Exercise description:
Report each line of the entries below that includes "Tset".

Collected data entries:
+++++
(* Let $r\ge 2$ and let $GT(r)$ be the glued binary tree of depth $r$, built from the two copies $T_r^{(1)}$ and $T_r^{(2)}$ of the perfect binary tree of depth $r$. For each $i\in\{1,2\}$, the subgraph of $GT(r)$ induced by $V(T_r^{(i)})$ is an isometric subgraph of $GT(r)$. Moreover, if $u,v\in V(T_r^{(i)})$, then in $GT(r)$ there are exactly two shortest $u,v$-paths if $u$ and $v$ are both quasi-leaves, and otherwise the shortest $u,v$-path is unique.
   Context: A perfect binary tree of depth $r\ge1$ is a rooted tree in which every non-leaf vertex has exactly $2$ children and all leaves have depth $r$. The glued binary tree $GT(r)$ is obtained from two copies $T_r^{(1)}$ and $T_r^{(2)}$ of the perfect binary tree of depth $r$ by pairwise identifying their leaves, where each leaf of $T_r^{(1)}$ is identified with its image in $T_r^{(2)}$ under a fixed isomorphism of the two copies. The identified vertices are the quasi-leaves of $GT(r)$; thus the set of quasi-leaves is $V(T_r^{(1)})\cap V(T_r^{(2)})$. A subgraph $H$ of $G$ is isometric if $d_H(u,v)=d_G(u,v)$ for all $u,v\in V(H)$. *)

From mathcomp Require Import all_boot.
Set Implicit Arguments. Unset Strict Implicit. Unset Printing Implicit Defensive.

(* walk from u to v: the sequence p lists the vertices after u *)
Definition walk (T : eqType) (e : rel T) (u v : T) (p : seq T) : bool :=
  path e u p && (last u p == v).

Definition gpath (T : eqType) (e : rel T) (u v : T) (p : seq T) : bool :=
  walk e u v p && uniq (u :: p).

Definition is_dist (T : eqType) (e : rel T) (u v : T) (n : nat) : Prop :=
  (exists p, walk e u v p /\ size p = n) /\ (forall p, walk e u v p -> n <= size p).

Definition shortest_path (T : eqType) (e : rel T) (u v : T) (p : seq T) : Prop :=
  gpath e u v p /\ (forall q, walk e u v q -> size p <= size q).

Definition induced (T : finType) (e : rel T) (S : {set T}) : rel T :=
  fun x y => [&& x \in S, y \in S & e x y].

Definition isometric_induced (T : finType) (e : rel T) (S : {set T}) : Prop :=
  forall u v, u \in S -> v \in S ->
    forall n, is_dist (induced e S) u v n <-> is_dist e u v n.

(* The perfect binary tree of depth r is labelled in heap order:
   nodes 1 .. 2^(r+1)-1, the parent of k >= 2 is k/2, leaves are the
   k with 2^r <= k.  A vertex of GT(r) is a pair (c, k): the copy c : bool
   (false = T_r^(1), true = T_r^(2)) and the heap label k.  Leaves are
   identified across the two copies (via the identity isomorphism of labels);
   the identified vertex is represented with c = false. *)
Definition gt_valid (r : nat) (p : bool * 'I_(2 ^ r.+1)) : bool :=
  (0 < p.2) && ((p.2 < 2 ^ r) || ~~ p.1).

Definition GTV (r : nat) := {p : bool * 'I_(2 ^ r.+1) | @gt_valid r p}.

Definition gt_copy (r : nat) (x : GTV r) : bool := (val x).1.
Definition gt_label (r : nat) (x : GTV r) : nat := (val x).2.
Definition gt_isleaf (r : nat) (x : GTV r) : bool := 2 ^ r <= gt_label x.

Definition Tset (r : nat) (i : bool) : {set GTV r} :=
  [set x | (gt_copy x == i) || gt_isleaf x].

Definition quasi_leaf (r : nat) (x : GTV r) : bool :=
  x \in Tset r false :&: Tset r true.

Definition T_edge (r : nat) (i : bool) (x y : GTV r) : bool :=
  [&& x \in Tset r i, y \in Tset r i &
      (gt_label x == (gt_label y)./2) || (gt_label y == (gt_label x)./2)].

Definition GT_adj (r : nat) : rel (GTV r) :=
  fun x y => @T_edge r false x y || @T_edge r true x y.

(* Reading off heap labels (the parent of k is k./2) maps GT(r) onto the perfect
   binary tree as a graph homomorphism, so no walk is shorter than the tree
   distance of the labels of its ends, and the tree geodesic lifts into any copy
   containing both ends: each copy is isometric and the label sequence of a
   shortest path is the unique tree geodesic.  What is left to choose is the copy
   of the non-leaf vertices, and along a geodesic these all share one copy, since
   adjacent non-leaves do and only the ends of a geodesic can be leaves.  A
   non-leaf end forces that copy; two distinct quasi-leaves leave both copies
   available. *)

From mathcomp Require Import all_boot zify.
Set Implicit Arguments. Unset Strict Implicit. Unset Printing Implicit Defensive.

(** * Walks and induced subgraphs *)

Section Walks.

Variables (T : eqType) (e : rel T).

Lemma sub_walk (e' : rel T) u v p : subrel e e' -> walk e u v p -> walk e' u v p.
Proof. by move=> ee' /andP[pp pl]; rewrite /walk (sub_path ee' pp). Qed.

Lemma walk_shortcut u p : path e u p -> ~~ uniq (u :: p) ->
  exists q, [/\ path e u q, last u q = last u p & size q < size p].
Proof.
elim: p u => [|x p IH] u // pp; rewrite [uniq _]/= negb_and negbK.
case/orP=> [up|xpu].
  move: pp; case/splitPr: up => p1 p2; rewrite cat_path => /and3P[_ _ p2p].
  by exists p2; rewrite last_cat size_cat /= addnS ltnS leq_addl.
case/andP: pp => ux /IH/(_ xpu) [q [xq ql qs]].
by exists (x :: q); rewrite /= ux xq ql ltnS.
Qed.

Lemma min_walk_shortest_path u v p : walk e u v p ->
  (forall q, walk e u v q -> size p <= size q) -> shortest_path e u v p.
Proof.
move=> pw pmin; split=> //; rewrite /gpath pw /=.
apply/negPn/negP; case/andP: pw => pp /eqP pl.
case/(walk_shortcut pp)=> q [qp ql qs].
by have := pmin q; rewrite /walk qp ql pl eqxx leqNgt qs => /(_ isT).
Qed.

Lemma is_dist_iff_eq u v D : (exists p, walk e u v p /\ size p = D) ->
  (forall p, walk e u v p -> D <= size p) -> forall n, is_dist e u v n <-> n = D.
Proof.
move=> [p [pw <-]] pmin n; split=> [[[q [qw <-]] qmin]|->].
  by apply/eqP; rewrite eqn_leq qmin // pmin.
by split=> //; exists p.
Qed.
(* Let $\mathcal C_1,\mathcal C_2$ be normal rational curves in $\mathrm{PG}(N,q)$ spanning disjoint subspaces, and let $\mathcal C_1^*,\mathcal C_2^*$ be their $\mathbb{F}_{q^n}$-extensions in $\mathrm{PG}(N,q^n)$. Let $P\in\mathcal C_1^*\setminus\mathcal C_1$ and $Q\in\mathcal C_2^*\setminus\mathcal C_2$, with $P$ not contained in the $\mathbb{F}_{q^2}$-extension of $\mathcal C_1$. Then there is at most one normal rational scroll $S^*$ of $\mathrm{PG}(N,q^n)$ defined by $\mathcal C_1^*,\mathcal C_2^*$ that contains the line $\langle P,Q\rangle$ and is the $\mathbb{F}_{q^n}$-extension of a normal rational scroll of $\mathrm{PG}(N,q)$ defined by $\mathcal C_1,\mathcal C_2$. Moreover, if such a scroll exists, it contains the lines $\langle P^{\sigma^i},Q^{\sigma^i}\rangle$ for every $i$.
   Context: $\mathrm{PG}(N,q)$ is embedded in $\mathrm{PG}(N,q^n)$ as the set of points with coordinates in $\mathbb{F}_q$ (up to scalar), and $\sigma$ is the collineation of $\mathrm{PG}(N,q^n)$ raising all coordinates to the $q$-th power, so $\mathrm{PG}(N,q)$ is the set of $\sigma$-fixed points. A normal rational curve of degree $d$ ($1\le d\le q$) in $\mathrm{PG}(N,q)$ is the image of a map $\rho:\mathrm{PG}(1,q)\to\mathrm{PG}(N,q)$, $(s,t)_{\mathbb{F}_q}\mapsto(\sum_{i=0}^d s^{d-i}t^ie_i)_{\mathbb{F}_q}$, for linearly independent vectors $e_0,\dots,e_d$; its $\mathbb{F}_{q^j}$-extension ($j\mid n$) is the image of the same formula with $(s,t)$ ranging over $\mathbb{F}_{q^j}^2\setminus\{0\}$. Given normal rational curves $\mathcal C_1=\mathrm{Im}(\rho_1)$ and $\mathcal C_2=\mathrm{Im}(\rho_2)$ spanning disjoint subspaces, a normal rational scroll defined by $\mathcal C_1,\mathcal C_2$ is a set of lines $\{\langle\rho_1(X),\rho_2(\psi(X))\rangle:X\in\mathrm{PG}(1,q)\}$ for some $\psi\in\mathrm{PGL}(2,q)$ (this family does not depend on the choice of parametrisations $\rho_i$). Its $\mathbb{F}_{q^n}$-extension is $\{\langle\rho_1^*(X),\rho_2^*(\psi^*(X))\rangle:X\in\mathrm{PG}(1,q^n)\}$, where $\rho_i^*,\psi^*$ are the same formulas over $\mathbb{F}_{q^n}$; a normal rational scroll of $\mathrm{PG}(N,q^n)$ defined by $\mathcal C_1^*,\mathcal C_2^*$ is defined analogously with $\psi\in\mathrm{PGL}(2,q^n)$. *)

From HB Require Import structures.
From mathcomp Require Import all_boot all_order all_algebra all_field.
Set Implicit Arguments. Unset Strict Implicit. Unset Printing Implicit Defensive.
Import GRing.Theory.
Local Open Scope ring_scope.

(* L plays the role of F_{q^n}; F_{q^j} inside L is the set
   of x with x ^+ (q^j) = x.  Points of PG(N, L) are nonzero row vectors of
   'rV_(N.+1), two vectors representing the same point iff they span the same
   row space.  A line <P,Q> is represented by the 2 x (N+1) matrix col_mx P Q,
   two lines being equal iff their row spaces are equal. *)

Section Defs.
Variable L : fieldType.

Definition mx_fixed (m : nat) (r c : nat) (A : 'M[L]_(r, c)) : Prop :=
  forall i j, A i j ^+ m = A i j.

(* Frobenius-type map on coordinates: x |-> x^m  (sigma^i is m = q^i) *)
Definition frob_mx (m : nat) (r c : nat) (A : 'M[L]_(r, c)) : 'M[L]_(r, c) :=
  map_mx (fun x => x ^+ m) A.

Definition nrc_vec (d : nat) (X : 'rV[L]_2) : 'rV[L]_(d.+1) :=
  \row_(i < d.+1) ((X 0 0) ^+ (d - i)%N * (X 0 1) ^+ i).

Definition rho (d N : nat) (e : 'M[L]_(d.+1, N.+1)) (X : 'rV[L]_2) : 'rV[L]_(N.+1) :=
  nrc_vec d X *m e.

(* P lies on the F_{q^j}-extension of the curve Im(rho) (m = q^j):
   P = rho(X) (as projective points) for some (s,t) in F_{q^j}^2 \ {0}. *)
Definition on_curve (m d N : nat) (e : 'M[L]_(d.+1, N.+1)) (P : 'rV[L]_(N.+1)) : Prop :=
  exists X : 'rV[L]_2, X != 0 /\ mx_fixed m X /\ (P == rho e X)%MS.

Definition scroll_line (m d1 d2 N : nat) (e1 : 'M[L]_(d1.+1, N.+1))
    (e2 : 'M[L]_(d2.+1, N.+1)) (psi : 'M[L]_2) (M : 'M[L]_(2, N.+1)) : Prop :=
  exists X : 'rV[L]_2, X != 0 /\ mx_fixed m X /\
    (M == col_mx (rho e1 X) (rho e2 (X *m psi)))%MS.

(* S (a set of lines of PG(N,L)) is the F_{mp}-extension of a normal rational
   scroll defined by the curves with parametrisations e1, e2, with
   psi in PGL(2, F_{mc})  (psi given by an invertible 2x2 matrix with
   entries in F_{mc}). *)
Definition nr_scroll (mc mp d1 d2 N : nat) (e1 : 'M[L]_(d1.+1, N.+1))
    (e2 : 'M[L]_(d2.+1, N.+1)) (S : 'M[L]_(2, N.+1) -> Prop) : Prop :=
  exists psi : 'M[L]_2, psi \in unitmx /\ mx_fixed mc psi /\
    forall M, S M <-> scroll_line mp e1 e2 psi M.

End Defs.

From HB Require Import structures.
From mathcomp Require Import all_boot all_order all_algebra all_field.
From mathcomp Require Import ring.
Import GRing.Theory.
Local Open Scope ring_scope.
Set Implicit Arguments. Unset Strict Implicit. Unset Printing Implicit Defensive.

(* A line of the extended scroll defined by [psi] that equals [<P, Q>] is
   [<rho1(X), rho2(X psi)>] with [P ~ rho1(X)] and [Q ~ rho2(X psi)], because the
   two curves span disjoint subspaces.  As [rho_i] is injective on points, two
   such scrolls with matrices [psi], [psi'] over F_q give [X psi' ~ X psi]: [X] is
   an eigenvector of the F_q-matrix [psi' adj(psi)].  This is the vanishing at [X]
   of a binary quadratic form over F_q, whose nontrivial zeros are defined over
   F_{q^2}; as [P], hence [X], is not, the form is zero, the matrix is scalar and
   [psi' ~ psi].  The Frobenius images of [<P, Q>] are the lines with parameter
   [X^(q^i)], since [sigma] fixes [e1], [e2] and [psi]. *)


Section FixedMatrices.
Variable L : fieldType.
+++++
Answer to this exercise:
Definition Tset (r : nat) (i : bool) : {set GTV r} :=
  x \in Tset r false :&: Tset r true.
  [&& x \in Tset r i, y \in Tset r i &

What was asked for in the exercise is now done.